Requirement —
Would you return, word for word, the lines of the data below from the line with "move=> m_gt0 n_gt0" through the line with "Definition pattern4 : nat", and no others?

Information given —
(* There is an absolute constant $C$ such that for all positive integers $n$, $$M_{\mathrm{Schur}}(n,3)\le \frac{n^2}{67}+Cn \qquad\text{and}\qquad M_{\mathrm{Schur}}(n,4)\le \frac{n^2}{496}+Cn .$$ (The bound for 3 colors is attained, up to $O(n)$, by the coloring that colors consecutive blocks of $[n]$ of lengths $\frac{10n}{67},\frac{14n}{67},\frac{2n}{67},\frac{28n}{67},\frac{n}{67},\frac{11n}{67},\frac{n}{67}$ with colors $0,1,0,2,0,1,0$ respectively; the bound for 4 colors by consecutive blocks of lengths $\frac{e_i n}{496}$ with $(e_i)=(28,38,5,75,2,30,2,182,1,29,1,72,1,29,1)$ and colors $0,1,0,2,0,1,0,3,0,1,0,2,0,1,0$.)
   Context: For a positive integer $n$ write $[n]=\{1,\dots,n\}$. A $k$-coloring of $[n]$ is a map $\chi:[n]\to\{0,\dots,k-1\}$. A Schur triple is an ordered triple $(x,y,z)\in[n]^3$ with $x+y=z$ (so $(x,y,z)$ and $(y,x,z)$ with $x\neq y$ are counted separately); it is monochromatic if $\chi(x)=\chi(y)=\chi(z)$. $M_{\mathrm{Schur}}(n,k)$ is the minimum over all $k$-colorings of $[n]$ of the number of monochromatic Schur triples. *)

From mathcomp Require Import all_boot all_order all_algebra.
Set Implicit Arguments. Unset Strict Implicit. Unset Printing Implicit Defensive.

(* A k-coloring of [n] = {1..n} is represented as chi : {ffun 'I_n -> 'I_k},
   where element x of [n] (1 <= x <= n) has color chi (x-1). *)

Definition col (n k : nat) (chi : {ffun 'I_n -> 'I_k}) (x : nat) : option 'I_k :=
  match insub x.-1 with
  | Some i => if 0 < x then Some (chi i) else None
  | None => None
  end.

Definition schur_count (n k : nat) (chi : {ffun 'I_n -> 'I_k}) : nat :=
  \sum_(1 <= x < n.+1) \sum_(1 <= y < n.+1)
     [&& x + y <= n, col chi x == col chi y & col chi y == col chi (x + y)].

(* The seed n*n of the
   fold is an upper bound for every schur_count (at most n*n pairs), so for
   k >= 1 (colorings exist) this is exactly the minimum. *)
Definition M_Schur (n k : nat) : nat :=
  \big[minn/(n * n)]_(chi : {ffun 'I_n -> 'I_k}) schur_count chi.

From Pilot Require Import Defs.
From mathcomp Require Import all_boot all_order all_algebra.
Import Order.TTheory GRing.Theory Num.Theory.
From mathcomp Require Import zify ring lra.

Set Implicit Arguments.
Unset Strict Implicit.
Unset Printing Implicit Defensive.

(* Blow up a coloring c of {0, ..., m - 1} by a factor t: u gets the color
   c (u / t).  With 0-based points a Schur triple reads (u, v, u + v + 1);
   writing u = i t + a and v = j t + b, it lands on the triple (i, j, i + j + e)
   of the pattern, with carry e = (a + b + 1) / t in {0, 1}.  Carry 0 occurs
   for at most half of the t^2 pairs (a, b), so if the pattern has A
   monochromatic triples (i, j, i + j) and B <= A monochromatic triples
   (i, j, i + j + 1), the blow-up has at most (A + B) t^2 / 2 monochromatic
   Schur triples.  The two patterns of the statement have A + B = 2m, giving
   m t^2 ~ n^2 / m for t ~ n / m. *)

Definition mono_pattern (m : nat) (c : nat -> nat) (e i j : nat) : bool :=
  [&& i + j + e < m, c i == c j & c j == c (i + j + e)].

Definition pattern_count (m : nat) (c : nat -> nat) (e : nat) : nat :=
  \sum_(0 <= i < m) \sum_(0 <= j < m) mono_pattern m c e i j.

Definition carry_count (t e : nat) : nat :=
  \sum_(0 <= a < t) \sum_(0 <= b < t) ((a + b + 1) %/ t == e).

Definition coloring (n k : nat) (c : nat -> nat) : {ffun 'I_n -> 'I_k.+1} :=
  [ffun u : 'I_n => inord (c u)].

Lemma M_Schur_le_schur_count n k (chi : {ffun 'I_n -> 'I_k}) :
  M_Schur n k <= schur_count chi.
Proof. by have := bigmin_le (n * n) chi (@schur_count n k); rewrite minEnat leEnat. Qed.

Lemma col_coloring n k c u (lt_un : u < n) :
  Defs.col (coloring n k c) u.+1 = Some (inord (c u)).
Proof.
rewrite /Defs.col /=; case: insubP => [i _ val_i|]; last by rewrite lt_un.
by rewrite ffunE val_i.
Qed.

Lemma schur_count_coloring n k c : (forall u, c u <= k) ->
  schur_count (coloring n k c) = pattern_count n c 1.
Proof.
move=> c_le; rewrite /schur_count big_add1 /=; apply: eq_big_nat => u /andP[_ lt_un].
rewrite big_add1 /=; apply: eq_big_nat => v /andP[_ lt_vn].
have -> : u.+1 + v.+1 = (u + v + 1).+1 by lia.
rewrite /mono_pattern; have [lt_uvn|//] := ltnP (u + v + 1) n.
have inord_eq x y : x <= k -> y <= k -> (inord x == inord y :> 'I_k.+1) = (x == y).
  by move=> lexk leyk; rewrite -val_eqE /= !inordK ?ltnS.
rewrite !col_coloring // !(inj_eq Some_inj) !inord_eq //.
Qed.

Lemma pattern_count_le m N c e : m <= N -> pattern_count m c e <= pattern_count N c e.
Proof.
move=> le_mN; rewrite /pattern_count (@big_cat_nat _ _ _ m 0 N) //=.
apply: (leq_trans _ (leq_addr _ _)).
rewrite big_nat [X in _ <= X]big_nat; apply: leq_sum => i _.
rewrite (@big_cat_nat _ _ _ m 0 N) //=; apply: (leq_trans _ (leq_addr _ _)).
rewrite big_nat [X in _ <= X]big_nat; apply: leq_sum => j _.
by rewrite /mono_pattern; case: ltnP => // lt_m; rewrite (leq_trans lt_m le_mN).
Qed.

Lemma sum_nat_blocks (F : nat -> nat) m t :
  \sum_(0 <= u < m * t) F u = \sum_(0 <= i < m) \sum_(0 <= a < t) F (i * t + a).
Proof.
rewrite big_nat_mul; apply: eq_bigr => i _.
rewrite -{1}(add0n (i * t)) big_addn mulSn addnK.
by apply: eq_bigr => a _; rewrite addnC.
Qed.

Lemma mono_pattern_blowup m t c i j a b : a < t -> b < t ->
  mono_pattern (m * t) (fun u => c (u %/ t)) 1 (i * t + a) (j * t + b) =
  mono_pattern m c ((a + b + 1) %/ t) i j.
Proof.
move=> lt_at lt_bt; have t_gt0 : 0 < t by apply: leq_ltn_trans lt_at.
rewrite /mono_pattern.
have -> : i * t + a + (j * t + b) + 1 = (i + j) * t + (a + b + 1) by lia.
rewrite -ltn_divLR // !divnMDl // (divn_small lt_at) (divn_small lt_bt).
by rewrite !addn0.
Qed.

Lemma carry_lt2 t a b : a < t -> b < t -> (a + b + 1) %/ t < 2.
Proof. by move=> lt_at lt_bt; rewrite ltn_divLR; lia. Qed.

Lemma mono_pattern_carry m c e i j : e < 2 ->
  mono_pattern m c e i j =
  mono_pattern m c 0 i j * (e == 0) + mono_pattern m c 1 i j * (e == 1) :> nat.
Proof. by case: e => [|[|]] // _; rewrite ?muln1 ?muln0 ?addn0. Qed.

Lemma pattern_count_blowup m t c :
  pattern_count (m * t) (fun u => c (u %/ t)) 1 =
  pattern_count m c 0 * carry_count t 0 + pattern_count m c 1 * carry_count t 1.
Proof.
rewrite /pattern_count sum_nat_blocks !big_distrl -big_split /=.
apply: eq_bigr => i _.
under eq_bigr do rewrite sum_nat_blocks.
rewrite exchange_big_nat !big_distrl -big_split /=.
apply: eq_bigr => j _.
rewrite /carry_count !big_distrr -big_split /=.
rewrite big_nat [RHS]big_nat; apply: eq_bigr => a /andP[_ lt_at].
rewrite !big_distrr -big_split /=.
rewrite big_nat [RHS]big_nat; apply: eq_bigr => b /andP[_ lt_bt].
by rewrite mono_pattern_blowup // mono_pattern_carry ?carry_lt2.
Qed.

Lemma carry_countD t : carry_count t 0 + carry_count t 1 = t * t.
Proof.
rewrite /carry_count -big_split /= (@eq_big_nat _ _ _ 0 t _ (fun=> t)).
  by rewrite sum_nat_const_nat subn0.
move=> a /andP[_ lt_at]; rewrite -big_split /= (@eq_big_nat _ _ _ 0 t _ (fun=> 1)).
  by rewrite sum_nat_const_nat subn0 muln1.
by move=> b /andP[_ lt_bt]; have := carry_lt2 lt_at lt_bt; case: (_ %/ t) => [|[|]].
Qed.

Lemma carry_count0_le1 t : carry_count t 0 <= carry_count t 1.
Proof.
have [->|t_gt0] := posnP t; first by rewrite /carry_count big_geq.
have div_eq0 x : (x %/ t == 0) = (x < t) by rewrite -leqn0 -ltnS ltn_divLR ?mul1n.
have div_eq1 x : (x %/ t == 1) = (t <= x < 2 * t).
  by rewrite eqn_leq -ltnS ltn_divLR // leq_divRL // mul1n andbC.
rewrite /carry_count big_nat_rev big_nat [X in _ <= X]big_nat.
apply: leq_sum => a /andP[_ lt_at].
rewrite big_nat_rev big_nat [X in _ <= X]big_nat.
apply: leq_sum => b /andP[_ lt_bt].
rewrite div_eq0 div_eq1; case: ltnP => //= ?.
by rewrite lt0b; apply/andP; split; lia.
Qed.

Lemma pattern_count_blowup_le m t c :
  pattern_count m c 1 <= pattern_count m c 0 ->
  pattern_count m c 0 + pattern_count m c 1 <= 2 * m ->
  pattern_count (m * t) (fun u => c (u %/ t)) 1 <= m * t * t.
Proof.
move=> le_BA le_AB; rewrite pattern_count_blowup.
have := carry_count0_le1 t; have := carry_countD t.
move: le_BA le_AB; set A := pattern_count m c 0; set B := pattern_count m c 1.
set L := carry_count t 0; set L' := carry_count t 1 => le_BA le_AB sumL le_LL'.
(* Chebyshev: the larger pattern count meets the smaller carry count. *)
have : 2 * (A * L + B * L') <= (A + B) * (L + L') by nia.
by rewrite sumL; nia.
Qed.

Lemma M_Schur_le_pattern n m k c : 0 < m -> (forall i, c i <= k) ->
  pattern_count m c 1 <= pattern_count m c 0 ->
  pattern_count m c 0 + pattern_count m c 1 <= 2 * m ->
  M_Schur n k.+1 * m <= (n + m) ^ 2.
Proof.
move=> m_gt0 c_le le_BA le_AB; set t := n %/ m + 1.
have le_n_mt : n <= m * t by rewrite /t mulnC addn1 ltnW // ltn_ceil.
have le_mt : m * t <= n + m by rewrite /t mulnDr muln1 leq_add2r mulnC leq_divM.
have le_M : M_Schur n k.+1 <= m * t * t.
  apply: leq_trans (M_Schur_le_schur_count (coloring n k (fun u => c (u %/ t)))) _.
  rewrite schur_count_coloring //; apply: leq_trans (pattern_count_le _ _ le_n_mt) _.
  exact: pattern_count_blowup_le.
have : (m * t) ^ 2 <= (n + m) ^ 2 by rewrite leq_exp2r.
nia.
Qed.

Section RealBound.
Local Open Scope ring_scope.

Lemma natr_le_sqr_div (R : realFieldType) (M n m C : nat) :
  (0 < m)%N -> (0 < n)%N -> (m + 2 <= C)%N -> (M * m <= (n + m) ^ 2)%N ->
  (M%:R : R) <= (n ^ 2)%:R / m%:R + C%:R * n%:R.
Proof.
move=> m_gt0 n_gt0 le_mC; rewrite -(ler_nat R) natrM natrX natrD natrX => le_Mm.
have m_pos : (0 : R) < m%:R by rewrite ltr0n.
have n_ge1 : (1 : R) <= n%:R by rewrite ler1n.
have le_mC' : (m%:R : R) + 2 <= C%:R by rewrite -(natrD R m 2) ler_nat.
have le_M : (M%:R : R) <= (n%:R + m%:R) ^+ 2 / m%:R by rewrite ler_pdivlMr.
have sqr_div : (n%:R + m%:R) ^+ 2 / m%:R = n%:R ^+ 2 / m%:R + 2 * n%:R + m%:R :> R.
  by field; rewrite lt0r_neq0.
rewrite sqr_div in le_M; nra.
Qed.

End RealBound.

Definition block_pattern (blocks : seq (nat * nat)) : nat -> nat :=
  nth 0 (flatten [seq nseq b.1 b.2 | b <- blocks]).

Lemma block_pattern_le k blocks : all (fun b => b.2 <= k) blocks ->
  forall i, block_pattern blocks i <= k.
Proof.
move=> /allP blocks_le i; rewrite /block_pattern.
set s := flatten _; have [lt_is|le_si] := ltnP i (size s); last by rewrite nth_default.
have /flatten_mapP[b b_in] := mem_nth 0 lt_is.
by rewrite mem_nseq => /andP[_ /eqP->]; apply: blocks_le.
Qed.

Definition pattern3 : nat -> nat :=
  block_pattern [:: (10, 0); (14, 1); (2, 0); (28, 2); (1, 0); (11, 1); (1, 0)].

Definition pattern4 : nat -> nat :=
  block_pattern [:: (28, 0); (38, 1); (5, 0); (75, 2); (2, 0); (30, 1); (2, 0); (182, 3);
                    (1, 0); (29, 1); (1, 0); (72, 2); (1, 0); (29, 1); (1, 0)].

Lemma pattern3_counts :
  pattern_count 67 pattern3 0 = 80 /\ pattern_count 67 pattern3 1 = 54.
Proof.
by split; rewrite /pattern_count unlock;
  [vm_cast_no_check (erefl 80) | vm_cast_no_check (erefl 54)].
Qed.

Lemma pattern4_counts :
  pattern_count 496 pattern4 0 = 536 /\ pattern_count 496 pattern4 1 = 456.
Proof.
by split; rewrite /pattern_count unlock;
  [vm_cast_no_check (erefl 536) | vm_cast_no_check (erefl 456)].
Qed.

Local Open Scope ring_scope.

Theorem theorem7 :
  exists C : rat, forall n : nat, (0 < n)%N ->
    (M_Schur n 3)%:R <= (n ^ 2)%:R / 67%:R + C * n%:R /\
    (M_Schur n 4)%:R <= (n ^ 2)%:R / 496%:R + C * n%:R.
Proof.
have [count3_0 count3_1] := pattern3_counts.
have [count4_0 count4_1] := pattern4_counts.
exists 498%:R => n n_gt0; split; apply: natr_le_sqr_div => //.
- apply: (@M_Schur_le_pattern _ _ _ pattern3); rewrite ?count3_0 ?count3_1 //.
  exact: block_pattern_le.
- apply: (@M_Schur_le_pattern _ _ _ pattern4); rewrite ?count4_0 ?count4_1 //.
  exact: block_pattern_le.
Qed.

Task answer —
move=> m_gt0 n_gt0 le_mC; rewrite -(ler_nat R) natrM natrX natrD natrX => le_Mm.
have m_pos : (0 : R) < m%:R by rewrite ltr0n.
have n_ge1 : (1 : R) <= n%:R by rewrite ler1n.
have le_mC' : (m%:R : R) + 2 <= C%:R by rewrite -(natrD R m 2) ler_nat.
have le_M : (M%:R : R) <= (n%:R + m%:R) ^+ 2 / m%:R by rewrite ler_pdivlMr.
have sqr_div : (n%:R + m%:R) ^+ 2 / m%:R = n%:R ^+ 2 / m%:R + 2 * n%:R + m%:R :> R.
  by field; rewrite lt0r_neq0.
rewrite sqr_div in le_M; nra.
Qed.

End RealBound.

Definition block_pattern (blocks : seq (nat * nat)) : nat -> nat :=
  nth 0 (flatten [seq nseq b.1 b.2 | b <- blocks]).

Lemma block_pattern_le k blocks : all (fun b => b.2 <= k) blocks ->
  forall i, block_pattern blocks i <= k.
Proof.
move=> /allP blocks_le i; rewrite /block_pattern.
set s := flatten _; have [lt_is|le_si] := ltnP i (size s); last by rewrite nth_default.
have /flatten_mapP[b b_in] := mem_nth 0 lt_is.
by rewrite mem_nseq => /andP[_ /eqP->]; apply: blocks_le.
Qed.

Definition pattern3 : nat -> nat :=
  block_pattern [:: (10, 0); (14, 1); (2, 0); (28, 2); (1, 0); (11, 1); (1, 0)].

Definition pattern4 : nat -> nat :=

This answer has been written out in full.